TASK PROMPT: All lines after the one containing "u i - l = 0 \/ n" are needed, along with that line itself. Please repeat them exactly through the end of the entries.

————————

(* Let $\chi:T\to\overline{\mathbf F}_p^\times$ be a smooth character with $\chi\neq\chi^s$. Then $\mathrm{Hom}_P(\mathrm{Ind}_P^G\chi,\mathrm{Ind}_P^G\chi)=\mathrm{Hom}_G(\mathrm{Ind}_P^G\chi,\mathrm{Ind}_P^G\chi)$.
   Context: $F$ non-Archimedean local field of residual characteristic $p$, $G=\mathrm{GL}_2(F)$, $P$ the upper triangular Borel subgroup, $U$ its unipotent radical, $T$ the diagonal torus; characters of $T$ are viewed as characters of $P$ via $P\to P/U\cong T$. $\chi^s(\mathrm{diag}(a,d))=\chi(\mathrm{diag}(d,a))$. $\mathrm{Ind}_P^G\chi$ is the space of locally constant $f:G\to\overline{\mathbf F}_p$ with $f(bg)=\chi(b)f(g)$ for $b\in P$, with $G$ acting by right translation. *)

From mathcomp Require Import all_boot all_order all_algebra.
Set Implicit Arguments. Unset Strict Implicit. Unset Printing Implicit Defensive.
Import Order.TTheory GRing.Theory Num.Theory.
Local Open Scope ring_scope.

(* A non-Archimedean local field of residual characteristic p: a field F
   with a discrete (normalized, surjective onto Z) valuation, complete for
   it, whose residue field O/m is finite of characteristic p.
   The valuation [nlf_val] is only meaningful on nonzero elements;
   [vge L x n] means "v(x) >= n", with v(0) = +oo. *)
Record nonarch_local_field (F : fieldType) (p : nat) := NLF {
  nlf_val : F -> int;
  nlf_valM : forall x y, x != 0 -> y != 0 -> nlf_val (x * y) = nlf_val x + nlf_val y;
  nlf_valD : forall x y, x != 0 -> y != 0 -> x + y != 0 ->
     Num.min (nlf_val x) (nlf_val y) <= nlf_val (x + y);
  nlf_unif : exists w : F, w != 0 /\ nlf_val w = 1;
  nlf_complete : forall u : nat -> F,
     (forall n : int, exists N : nat, forall i j : nat, (N <= i)%N -> (N <= j)%N ->
          u i - u j = 0 \/ n <= nlf_val (u i - u j)) ->
     exists l : F, forall n : int, exists N : nat, forall i : nat, (N <= i)%N ->
          u i - l = 0 \/ n <= nlf_val (u i - l);
  nlf_residue_finite : exists s : seq F,
     forall x : F, (x = 0 \/ 0 <= nlf_val x) ->
       exists2 a, a \in s & (a = 0 \/ 0 <= nlf_val a) /\
                            (x - a = 0 \/ 1 <= nlf_val (x - a));
  nlf_prime : prime p;
  nlf_resid_char : (p%:R : F) = 0 \/ 1 <= nlf_val (p%:R : F)
}.

Definition vge (F : fieldType) (p : nat) (L : nonarch_local_field F p)
  (x : F) (n : int) : Prop := x = 0 \/ n <= nlf_val L x.

Definition inG (F : fieldType) (g : 'M[F]_2) : Prop := \det g != 0.

Definition inP (F : fieldType) (b : 'M[F]_2) : Prop :=
  \det b != 0 /\ b 1 0 = 0.

(* chi a d = chi(diag(a,d)), for a, d in F^x. *)
Definition smooth_character (F : fieldType) (p : nat) (L : nonarch_local_field F p)
  (C : fieldType) (chi : F -> F -> C) : Prop :=
  (forall a d, a != 0 -> d != 0 -> chi a d != 0) /\
  (forall a d a' d', a != 0 -> d != 0 -> a' != 0 -> d' != 0 ->
      chi (a * a') (d * d') = chi a d * chi a' d') /\
  (exists n : int, forall a d, a != 0 -> d != 0 ->
      vge L (a - 1) n -> vge L (d - 1) n -> chi a d = 1).

Definition chi_s (F C : Type) (chi : F -> F -> C) : F -> F -> C :=
  fun a d => chi d a.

————————

FINISHED TASK:
          u i - l = 0 \/ n <= nlf_val (u i - l);
  nlf_residue_finite : exists s : seq F,
     forall x : F, (x = 0 \/ 0 <= nlf_val x) ->
       exists2 a, a \in s & (a = 0 \/ 0 <= nlf_val a) /\
                            (x - a = 0 \/ 1 <= nlf_val (x - a));
  nlf_prime : prime p;
  nlf_resid_char : (p%:R : F) = 0 \/ 1 <= nlf_val (p%:R : F)
}.

Definition vge (F : fieldType) (p : nat) (L : nonarch_local_field F p)
  (x : F) (n : int) : Prop := x = 0 \/ n <= nlf_val L x.

Definition inG (F : fieldType) (g : 'M[F]_2) : Prop := \det g != 0.

Definition inP (F : fieldType) (b : 'M[F]_2) : Prop :=
  \det b != 0 /\ b 1 0 = 0.

(* chi a d = chi(diag(a,d)), for a, d in F^x. *)
Definition smooth_character (F : fieldType) (p : nat) (L : nonarch_local_field F p)
  (C : fieldType) (chi : F -> F -> C) : Prop :=
  (forall a d, a != 0 -> d != 0 -> chi a d != 0) /\
  (forall a d a' d', a != 0 -> d != 0 -> a' != 0 -> d' != 0 ->
      chi (a * a') (d * d') = chi a d * chi a' d') /\
  (exists n : int, forall a d, a != 0 -> d != 0 ->
      vge L (a - 1) n -> vge L (d - 1) n -> chi a d = 1).

Definition chi_s (F C : Type) (chi : F -> F -> C) : F -> F -> C :=
  fun a d => chi d a.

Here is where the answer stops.